I like the framework you developed for this analysis, Barry. I like the idea of accomplishments plotted over time, and the contrast between the additive view (all that matters is area under the curve) and the narrative view (the shape is important too).

I object to the move towards “all else equal” thinking though, essentially of viewing narrative as a tie-breaker. In general I don’t like this form of reasoning, because it seems like deliberately evading the most interesting issue. (This has come up recently in discussions, including on Facebook, of affirmative action too: the question of whether race and gender can serve as legitimate tie-breakers has always struck me as uninteresting and evasive.)

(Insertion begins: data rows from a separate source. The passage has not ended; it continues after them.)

Section ErasurePatterns.
Variable N : nat.
Implicit Types (E : {set 'I_N}) (i : 'I_N).

(* For [i \notin E]: the probability that the erased coordinates other than [i] are
   exactly [E], i.e. [perasure p E + perasure p (i |: E)]. *)
Definition perasure_noti p E : R := p ^ #|E| * (1 - p) ^ (N - #|E|).-1.

Lemma perasure_ge0 p E : 0 <= p <= 1 -> 0 <= perasure p E.
Proof. by move=> p01; apply: Rmult_le_pos; apply: pow_le; lra. Qed.

Lemma card_lt_notin {i E} : i \notin E -> (#|E| < N)%N.
Proof.
move=> iE; have := cardsC E; rewrite card_ord.
suff : (0 < #|~: E|)%N by lia.
by rewrite card_gt0; apply/set0Pn; exists i; rewrite inE.
Qed.

Lemma perasure_setU1 p {i E} : i \notin E ->
  perasure p E + perasure p (i |: E) = perasure_noti p E.
Proof.
move=> iE; have lt_EN := card_lt_notin iE.
rewrite /perasure /perasure_noti cardsU1 iE add1n subnS.
by rewrite -{1}(prednK (_ : 0 < N - #|E|)%N) ?subn_gt0 //=; ring.
Qed.

Lemma sum_setU1_notin i (F : {set 'I_N} -> R) :
  \big[Rplus/0]_(E : {set 'I_N} | i \in E) F E =
  \big[Rplus/0]_(E : {set 'I_N} | i \notin E) F (i |: E).
Proof.
pose toggle (E : {set 'I_N}) := if i \in E then E :\ i else i |: E.
have toggleK : involutive toggle.
  by move=> E; rewrite /toggle; case: (boolP (i \in E)) => iE;
    rewrite ?setD11 ?setD1K ?setU11 ?setU1K.
rewrite (reindex toggle); last exact/onW_bij/inv_bij.
apply: eq_big => E; rewrite /toggle; case: ifP => iE; rewrite ?setD11 ?setU11 ?iE //.
Qed.

Lemma sum_perasure_pair p i (G : {set 'I_N} -> R) :
  (forall E, i \notin E -> G (i |: E) = G E) ->
  \big[Rplus/0]_(E : {set 'I_N}) (perasure p E * G E) =
  \big[Rplus/0]_(E : {set 'I_N} | i \notin E) (perasure_noti p E * G E).
Proof.
move=> GE; rewrite (bigID (fun E => i \in E)) /= sum_setU1_notin -big_split /=.
by apply: eq_bigr => E iE; rewrite GE // -(perasure_setU1 p iE); ring.
Qed.

Lemma derivable_pt_lim_perasure p E :
  derivable_pt_lim (fun q => perasure q E) p
    (\big[Rplus/0]_(i < N)
       (if i \in E then perasure_noti p (E :\ i) else - perasure_noti p E)).
Proof.
have D1 : derivable_pt_lim (fun q => (1 - q) ^ (N - #|E|)) p
            (INR (N - #|E|) * (1 - p) ^ (N - #|E|).-1 * (0 - 1)).
  apply: (derivable_pt_lim_comp (fun q => 1 - q) (pow^~ _)); last exact: derivable_pt_lim_pow.
  exact: derivable_pt_lim_minus (derivable_pt_lim_const 1 p) (derivable_pt_lim_id p).
suff -> : \big[Rplus/0]_(i < N)
      (if i \in E then perasure_noti p (E :\ i) else - perasure_noti p E) =
    INR #|E| * p ^ #|E|.-1 * (1 - p) ^ (N - #|E|) +
    p ^ #|E| * (INR (N - #|E|) * (1 - p) ^ (N - #|E|).-1 * (0 - 1)).
  exact: derivable_pt_lim_mult (derivable_pt_lim_pow p #|E|) D1.
rewrite (bigID (mem E)) /=.
rewrite (eq_bigr (fun=> p ^ #|E|.-1 * (1 - p) ^ (N - #|E|))); last first.
  by move=> i iE; rewrite iE /perasure_noti (cardsD1 i E) iE /= subnS.
rewrite [X in _ + X](eq_bigr (fun=> - perasure_noti p E)); last first.
  by move=> i iE; rewrite (negbTE iE).
rewrite !sumR_const (_ : #|[pred i | i \notin E]| = N - #|E|)%N.
  (* [ring] rejects the non-numeral exponents, so abstract the powers first. *)
  rewrite /perasure_noti.
  by move: (INR _) (INR _) (p ^ _) (p ^ _) ((1 - p) ^ _) ((1 - p) ^ _) => *; ring.
have := cardsC E; rewrite card_ord => NE.
by rewrite -[X in (X - _)%N]NE addKn; apply: eq_card => i; rewrite !inE.
Qed.

Lemma derivable_pt_lim_sum_perasure (g : {set 'I_N} -> R) p :
  derivable_pt_lim (fun q => \big[Rplus/0]_(E : {set 'I_N}) (perasure q E * g E)) p
    (\big[Rplus/0]_(i < N) \big[Rplus/0]_(E : {set 'I_N} | i \notin E)
       (perasure_noti p E * (g (i |: E) - g E))).
Proof.
set dP := fun E => \big[Rplus/0]_i
  (if i \in E then perasure_noti p (E :\ i) else - perasure_noti p E).
suff -> : \big[Rplus/0]_(i < N) \big[Rplus/0]_(E : {set 'I_N} | i \notin E)
            (perasure_noti p E * (g (i |: E) - g E)) =
          \big[Rplus/0]_(E : {set 'I_N}) (dP E * g E).
  apply: (derivable_pt_lim_big _ xpredT (fun E q => perasure q E * g E)
                                 (fun E _ => dP E * g E)) => E _.
  rewrite -[X in derivable_pt_lim _ _ X]Rplus_0_r -[X in _ + X](Rmult_0_r (perasure p E)).
  exact: derivable_pt_lim_mult (derivable_pt_lim_perasure p E) (derivable_pt_lim_const (g E) p).
symmetry; under eq_bigr do rewrite big_distrl /=.
rewrite exchange_big /=; apply: eq_bigr => i _.
rewrite (bigID (fun E => i \in E)) /= sum_setU1_notin -big_split /=.
by apply: eq_bigr => E /negbTE iE; rewrite setU11 iE setU1K ?iE //; ring.
Qed.
(* Let $n\ge1$, $k=\lfloor n/2\rfloor$, let $(p_j,u_j)$, $0\le j\le n$, be the coordinates of the trajectory $T_n$, and put $\lambda_j=1-u_j$. Then, with $\delta=1-(p_k-1)^2$, $$C_n=2\sum_{j=0}^{k-1}\bigl(3-p_j+u_j-2u_{j+1}-p_ju_j\bigr)+\delta=2\sum_{j=1}^{k}\frac{\lambda_j(\lambda_{j-1}-2\lambda_j)}{u_j}+\delta.$$
   Context: For $n\ge1$ and $\mathbf{x}=(x_1,\dots,x_n)\in(0,\infty)^n$ let $f_n(\mathbf{x})=\sum_{i=1}^n x_i+\sum_{1\le i\le j\le n}\prod_{k=i}^j \frac1{x_k}$, $A_n=\inf_{\mathbf{x}\in(0,\infty)^n} f_n(\mathbf{x})$, and $C_n=3n-A_n$. Let $\Phi$ be the partial map of $\mathbb{R}^2$ defined for $p\ne0$ by $\Phi(p,u)=\bigl(p^2(u+1)-1,\ 1/p\bigr)$. For $n\ge1$, the trajectory $T_n$ is the (existing and unique) finite sequence $(p_j,u_j)$, $j=0,\dots,n$, with $(p_j,u_j)=\Phi(p_{j-1},u_{j-1})$ for $1\le j\le n$, $u_0=0$, $p_n=0$, and $p_j>0$ for $0\le j\le n-1$. *)

From HB Require Import structures.
From mathcomp Require Import all_boot all_order all_algebra.
From mathcomp Require Import boolp classical_sets reals.
Set Implicit Arguments. Unset Strict Implicit. Unset Printing Implicit Defensive.
Import Order.TTheory GRing.Theory Num.Theory.
Local Open Scope ring_scope.
Local Open Scope classical_set_scope.

Definition fn (R : realType) (n : nat) (x : 'I_n -> R) : R :=
  \sum_(i < n) x i +
  \sum_(i < n) \sum_(j < n | (i <= j)%N)
     \prod_(k < n | (i <= k <= j)%N) (x k)^-1.

Definition An (R : realType) (n : nat) : R :=
  inf [set fn x | x in [set x : 'I_n -> R | forall i, 0 < x i]].

Definition Cn (R : realType) (n : nat) : R := 3 * n%:R - An R n.

Definition Phi (R : realType) (z : R * R) : R * R :=
  (z.1 ^+ 2 * (z.2 + 1) - 1, 1 / z.1).

Definition is_trajectory (R : realType) (n : nat) (T : nat -> R * R) : Prop :=
  [/\ (T 0%N).2 = 0,
      (forall j, (1 <= j <= n)%N -> (T j.-1).1 != 0 /\ T j = Phi (T j.-1)),
      (T n).1 = 0
    & (forall j, (j < n)%N -> 0 < (T j).1)].

From HB Require Import structures.
From mathcomp Require Import all_boot all_order all_algebra.
From mathcomp Require Import boolp classical_sets reals sequences exp.
From mathcomp Require Import ring lra zify.
Import Order.TTheory GRing.Theory Num.Theory.
Local Open Scope ring_scope.

(* With y = 1/x, the candidate minimizer x_k = p_k (1 + u_k) of f_n read off the
   trajectory has tail sums sum_(j >= i) prod_(l = i..j) y_l equal to p_i and head
   sums sum_(i <= l) prod_(m = i..l) y_m equal to u_(l+1).  Writing an arbitrary
   point as x_k e^(t_k) and using e^(-s) >= 1 - s, these identities give
   f_n(x e^t) >= f_n(x) + sum_k x_k (e^(t_k) - 1 - t_k), so x is the unique
   minimizer and A_n = sum_k x_k + sum_k p_k.  Uniqueness also shows that the
   reversed sequence (u_(n-j), p_(n-j)), itself a trajectory, is T_n, i.e.
   u_j = p_(n-j).  Folding the sum for C_n at n/2 with this symmetry and
   telescoping sum_(k < m) (2 u_k - 3 u_(k+1) + p_k) = p_m u_m - 2 u_m give the
   formula; the second form is a termwise identity since u_(j+1) = 1/p_j. *)

Set Implicit Arguments.
Unset Strict Implicit.
Unset Printing Implicit Defensive.

Lemma exchange_big_nat_triangle (R : nmodType) m n (F : nat -> nat -> R) :
  \sum_(m <= i < n) \sum_(i <= j < n) F i j = \sum_(m <= j < n) \sum_(m <= i < j.+1) F i j.
Proof.
under eq_big_nat => i /andP[le_mi _] do rewrite (big_nat_widenl _ _ _ _ _ le_mi).
rewrite (exchange_big_dep_nat predT) //; apply: eq_big_nat => j /andP[_ lt_jn].
by rewrite (big_nat_widen _ _ _ _ _ lt_jn); apply: eq_bigl => i; rewrite ltnS.
Qed.

Lemma sum_weighted_interval_sums (R : comPzRingType) n (w : nat -> nat -> R) (t : nat -> R) :
  \sum_(0 <= i < n) \sum_(i <= j < n) w i j * \sum_(i <= l < j.+1) t l
  = \sum_(0 <= l < n) t l * \sum_(0 <= i < l.+1) \sum_(l <= j < n) w i j.
Proof.
transitivity (\sum_(0 <= i < n) \sum_(i <= l < n) \sum_(l <= j < n) t l * w i j).
  apply: eq_big_nat => i _; rewrite exchange_big_nat_triangle.
  by apply: eq_big_nat => j _; rewrite mulr_sumr; apply: eq_bigr => l _; rewrite mulrC.
rewrite exchange_big_nat_triangle; apply: eq_big_nat => l _.
by rewrite mulr_sumr; apply: eq_bigr => i _; rewrite mulr_sumr.
Qed.

Lemma big_nat_rev_tail (R : nmodType) n K (F : nat -> R) : (K <= n)%N ->
  \sum_(n - K <= k < n) F k = \sum_(0 <= k < K) F (n - k.+1)%N.
Proof.
elim: K => [|K IH] le_Kn; first by rewrite subn0 !big_geq.
rewrite big_nat_recr //= -IH; last exact: ltnW.
rewrite big_ltn; last by lia.
by rewrite addrC (_ : (n - K.+1).+1 = n - K)%N; last lia.
Qed.

Lemma inf_eq_lbound (R : realType) (E : set R) m : E m -> lbound E m -> inf E = m.
Proof.
move=> Em lbm; apply/eqP; rewrite eq_le lb_le_inf ?andbT //; last by exists m.
by apply: ge_inf => //; exists m.
Qed.

Definition fseq (R : fieldType) n (x : nat -> R) :=
  \sum_(0 <= k < n) x k + \sum_(0 <= i < n) \sum_(i <= j < n) \prod_(i <= l < j.+1) (x l)^-1.

Lemma fseq_ext (R : fieldType) n (x x' : nat -> R) :
  (forall k, (k < n)%N -> x k = x' k) -> fseq n x = fseq n x'.
Proof.
move=> eqx; rewrite /fseq; congr (_ + _).
  by apply: eq_big_nat => k /andP[_ /eqx].
apply: eq_big_nat => i _; apply: eq_big_nat => j /andP[_ lt_jn].
by apply: eq_big_nat => l /andP[_ lt_lj]; rewrite eqx //; lia.
Qed.

Lemma fn_fseq (R : realType) n (x : 'I_n -> R) (X : nat -> R) :
  (forall i : 'I_n, X i = x i) -> fn x = fseq n X.
Proof.
move=> eqX; rewrite /fn /fseq big_mkord; congr (_ + _).
  by apply: eq_bigr => i _; rewrite eqX.
rewrite big_mkord; apply: eq_bigr => i _.
rewrite (big_geq_mkord _ _ xpredT); apply: eq_bigr => j /= le_ij.
rewrite (big_nat_widen _ _ _ _ _ (ltn_ord j)) (big_geq_mkord _ _ (fun l => l < j.+1)%N).
by apply: eq_big => [l | l _]; rewrite ?eqX // ltnS andbC.
Qed.

Record trajectory (R : realFieldType) (n : nat) (p u : nat -> R) : Prop := Trajectory {
  traj_u0 : u 0%N = 0;
  traj_uS : forall j, (j < n)%N -> u j.+1 = (p j)^-1;
  traj_pS : forall j, (j < n)%N -> p j.+1 = p j ^+ 2 * (u j + 1) - 1;
  traj_pn : p n = 0;
  traj_p_gt0 : forall j, (j < n)%N -> 0 < p j }.

Lemma is_trajectory_coords (R : realType) n (T : nat -> R * R) :
  is_trajectory n T -> trajectory n (fun j => (T j).1) (fun j => (T j).2).
Proof.
case=> T0 TS Tn Tpos; split=> // j lt_jn; have [_ ->] := TS j.+1 lt_jn.
  by rewrite /= div1r.
by [].
Qed.

Definition traj_argmin (R : pzRingType) (p u : nat -> R) k := p k * (1 + u k).

Section Trajectory.
Variables (R : realFieldType) (n : nat) (p u : nat -> R).
Hypothesis tr : trajectory n p u.
Local Notation x := (traj_argmin p u).

Lemma traj_u_ge0 j : (j <= n)%N -> 0 <= u j.
Proof.
case: j => [|j] le_jn; first by rewrite (traj_u0 tr).
by rewrite (traj_uS tr le_jn) invr_ge0 ltW // (traj_p_gt0 tr).
Qed.

Lemma traj_argmin_gt0 k : (k < n)%N -> 0 < x k.
Proof.
move=> lt_kn; rewrite mulr_gt0 ?(traj_p_gt0 tr) //.
by have := traj_u_ge0 (ltnW lt_kn); lra.
Qed.

Lemma traj_uS_argmin j : (j < n)%N -> u j.+1 = (x j)^-1 * (1 + u j).
Proof.
move=> lt_jn; have := traj_p_gt0 tr lt_jn; have := traj_u_ge0 (ltnW lt_jn).
by rewrite (traj_uS tr lt_jn) /traj_argmin => ? ?; field; lra.
Qed.

Lemma traj_p_argmin j : (j < n)%N -> p j = (x j)^-1 * (1 + p j.+1).
Proof.
move=> lt_jn; have := traj_p_gt0 tr lt_jn; have := traj_u_ge0 (ltnW lt_jn).
by rewrite (traj_pS tr lt_jn) /traj_argmin => ? ?; field; lra.
Qed.

Lemma traj_argmin_succ j : (j < n)%N -> u j.+1 * (1 + p j.+1) = x j.
Proof.
move=> lt_jn; have := traj_p_gt0 tr lt_jn.
rewrite (traj_uS tr lt_jn) (traj_pS tr lt_jn) /traj_argmin => ?; field; lra.
Qed.

Lemma traj_tail_sum i : (i <= n)%N ->
  \sum_(i <= j < n) \prod_(i <= l < j.+1) (x l)^-1 = p i.
Proof.
move=> le_in; have [d ->] : exists d, i = (n - d)%N by exists (n - i)%N; rewrite subKn.
elim: d => [|d IH]; first by rewrite subn0 big_geq // (traj_pn tr).
have [le_nd | lt_dn] := leqP n d; first by rewrite (_ : n - d.+1 = n - d)%N //; lia.
have lt_in : (n - d.+1 < n)%N by lia.
rewrite big_ltn // big_nat1 (traj_p_argmin lt_in) mulrDr mulr1; congr (_ + _).
under eq_big_nat => j /andP[lt_ij _] do rewrite big_ltn 1?ltnW //.
by rewrite -mulr_sumr (_ : (n - d.+1).+1 = n - d)%N ?IH //; lia.
Qed.

Lemma traj_head_sum l : (l < n)%N ->
  \sum_(0 <= i < l.+1) \prod_(i <= m < l.+1) (x m)^-1 = u l.+1.
Proof.
elim: l => [|l IH] lt_ln.
  by rewrite !big_nat1 (traj_uS_argmin lt_ln) (traj_u0 tr) addr0 mulr1.
rewrite big_nat_recr //= big_nat1 (traj_uS_argmin lt_ln) -IH 1?ltnW //.
under eq_big_nat => i /andP[_ le_il] do rewrite big_nat_recr 1?ltnW //=.
by rewrite -big_distrl /= mulrDr mulr1 mulrC addrC.
Qed.

Lemma traj_cover_sum l : (l < n)%N ->
  \sum_(0 <= i < l.+1) \sum_(l <= j < n) \prod_(i <= m < j.+1) (x m)^-1 = x l.
Proof.
move=> lt_ln.
transitivity (\sum_(0 <= i < l.+1) \prod_(i <= m < l.+1) (x m)^-1 *
              \sum_(l <= j < n) \prod_(l.+1 <= m < j.+1) (x m)^-1).
  apply: eq_big_nat => i /andP[_ le_il]; rewrite mulr_sumr.
  by apply: eq_big_nat => j /andP[le_lj _]; rewrite (@big_cat_nat _ _ _ l.+1) // ltnW.
rewrite -mulr_suml traj_head_sum // big_ltn // big_geq // traj_tail_sum //.
exact: traj_argmin_succ.
Qed.

Lemma fseq_traj_argmin : fseq n x = \sum_(0 <= k < n) x k + \sum_(0 <= i < n) p i.
Proof.
by congr (_ + _); apply: eq_big_nat => i /andP[_ /ltnW /traj_tail_sum].
Qed.

End Trajectory.

Section Minimum.
Variables (R : realType) (n : nat) (p u : nat -> R).
Hypothesis tr : trajectory n p u.
Local Notation x := (traj_argmin p u).

Lemma fseq_exp_ge (t : nat -> R) :
  fseq n x + \sum_(0 <= k < n) x k * (expR (t k) - 1 - t k)
  <= fseq n (fun k => x k * expR (t k)).
Proof.
pose w i j := \prod_(i <= l < j.+1) (x l)^-1.
have prod_exp i j : (j < n)%N ->
    \prod_(i <= l < j.+1) (x l * expR (t l))^-1 = w i j * expR (- \sum_(i <= l < j.+1) t l).
  move=> lt_jn; rewrite -sumrN expR_sum -big_split /=.
  by apply: eq_big_nat => l _; rewrite invfM expRN.
have tangent : \sum_(0 <= i < n) \sum_(i <= j < n) w i j * (1 - \sum_(i <= l < j.+1) t l)
    <= \sum_(0 <= i < n) \sum_(i <= j < n) \prod_(i <= l < j.+1) (x l * expR (t l))^-1.
  apply: ler_sum_nat => i _; apply: ler_sum_nat => j /andP[_ lt_jn].
  rewrite prod_exp // ler_wpM2l ?expR_ge1Dx //.
  rewrite /w big_seq prodr_ge0 // => l; rewrite mem_index_iota => /andP[_ lt_lj].
  by rewrite invr_ge0 ltW // (traj_argmin_gt0 tr); lia.
have linear_part : \sum_(0 <= i < n) \sum_(i <= j < n) w i j * (1 - \sum_(i <= l < j.+1) t l)
    = \sum_(0 <= i < n) \sum_(i <= j < n) w i j - \sum_(0 <= l < n) t l * x l.
  have -> : \sum_(0 <= l < n) t l * x l
      = \sum_(0 <= l < n) t l * \sum_(0 <= i < l.+1) \sum_(l <= j < n) w i j.
    by apply: eq_big_nat => l /andP[_ lt_ln]; rewrite traj_cover_sum.
  rewrite -sum_weighted_interval_sums -sumrB; apply: eq_bigr => i _.
  by rewrite -sumrB; apply: eq_bigr => j _; rewrite mulrBr mulr1.
have -> : \sum_(0 <= k < n) x k * (expR (t k) - 1 - t k) =
    \sum_(0 <= k < n) x k * expR (t k) - \sum_(0 <= k < n) x k - \sum_(0 <= l < n) t l * x l.
  by rewrite -!sumrB; apply: eq_bigr => k _; ring.
by move: tangent; rewrite /fseq linear_part; lra.
Qed.

Lemma fseq_argmin_gap (X : nat -> R) : (forall k, (k < n)%N -> 0 < X k) ->
  exists2 t : nat -> R, forall k, (k < n)%N -> X k = x k * expR (t k)
  & fseq n x + \sum_(0 <= k < n) x k * (expR (t k) - 1 - t k) <= fseq n X.
Proof.
move=> X_gt0; pose t k := ln (X k / x k).
have eX k : (k < n)%N -> X k = x k * expR (t k).
  move=> lt_kn; have x_gt0 := traj_argmin_gt0 tr lt_kn.
  by rewrite lnK ?posrE ?divr_gt0 ?X_gt0 // mulrC divfK ?gt_eqF.
by exists t => //; rewrite (fseq_ext eX); apply: fseq_exp_ge.
Qed.

Lemma traj_gap_ge0 (t : nat -> R) k : (k < n)%N -> 0 <= x k * (expR (t k) - 1 - t k).
Proof.
move=> lt_kn; rewrite mulr_ge0 ?(ltW (traj_argmin_gt0 tr lt_kn)) //.
by have := expR_ge1Dx (t k); lra.
Qed.

Lemma traj_argmin_min (X : nat -> R) : (forall k, (k < n)%N -> 0 < X k) ->
  fseq n x <= fseq n X.
Proof.
case/fseq_argmin_gap => t _; apply: le_trans; rewrite lerDl big_seq sumr_ge0 // => k.
by rewrite mem_index_iota => /andP[_ /traj_gap_ge0].
Qed.

Lemma traj_argmin_unique (X : nat -> R) : (forall k, (k < n)%N -> 0 < X k) ->
  fseq n X <= fseq n x -> forall k, (k < n)%N -> X k = x k.
Proof.
move=> /fseq_argmin_gap[t eX gap] le_Xx k lt_kn.
have gap_ge0 l : l \in index_iota 0 n -> 0 <= x l * (expR (t l) - 1 - t l).
  by rewrite mem_index_iota => /andP[_ /traj_gap_ge0].
have : \sum_(0 <= l < n) x l * (expR (t l) - 1 - t l) == 0.
  by rewrite eq_le [X in 0 <= X]big_seq sumr_ge0 // andbT; lra.
rewrite big_seq psumr_eq0 // => /allP/(_ k); rewrite mem_index_iota lt_kn => /(_ isT).
rewrite mulf_eq0 gt_eqF ?(traj_argmin_gt0 tr) //= => /eqP gap_k.
have t_k0 : t k = 0.
  by apply: contraTeq isT => /expR_gt1Dx; lra.
by rewrite eX // t_k0 expR0 mulr1.
Qed.

End Minimum.

Section Symmetry.
Variables (R : realType) (n : nat) (p u : nat -> R).
Hypothesis tr : trajectory n p u.

Lemma traj_u_eq (p' u' : nat -> R) : trajectory n p' u' ->
  forall j, (j <= n)%N -> u' j = u j.
Proof.
move=> tr' j; elim: j => [|j IH] le_jn; first by rewrite (traj_u0 tr) (traj_u0 tr').
have eq_x : traj_argmin p' u' j = traj_argmin p u j.
  apply: (traj_argmin_unique tr) le_jn; first exact: traj_argmin_gt0 tr'.
  exact/(traj_argmin_min tr')/traj_argmin_gt0.
by rewrite (traj_uS_argmin tr le_jn) (traj_uS_argmin tr' le_jn) eq_x IH 1?ltnW.
Qed.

The most interesting issue seems to be to what extent we are or should be willing to sacrifice area for shape. I.e., are we willing to trade off some accomplishments to ensure that the shape is better, and if so how much? For example, would it ever make sense to hold back on potential easy accomplishments now, so that they instead happen later in life? E.g., I am about to publish a book which I know will be brilliant, would it ever be rational for me to think it’s too early, and I should wait and do it later? Framed that way, the desire to ensure a good shape to one’s accomplishments seems less appealing.

A related issue, illustrated beautifully by many of your examples, is that there’s a lot of luck involved, both in the overall amount of accomplishment and in its shape over time. If so, maybe even if, all else equal, the better career has a better shape, it still might be true that the best thing to do at any given moment is to accomplish as much as possible in that moment. You never know what luck you will have, so you should just always be trying to accomplish as much as possible at any given present moment, and ignore shape. If so, maybe the narrative view is, in an important sense, self-effacing. Echoing Alec Baldwin in Glengarry Glen Ross, we should follow something like ABA: Always Be Accomplishing.

On the other hand, what if the satisfaction you get from your accomplishments lessens over time? More precisely, if I accomplish something at T1, I might get a lot of satisfaction out of that at T1, but less and less as time wears on. If so, the best shape might be to spread out my accomplishments somewhat evenly, maybe a bit like how it can be rational to spread out lottery winnings into regular payments rather than one lump sum.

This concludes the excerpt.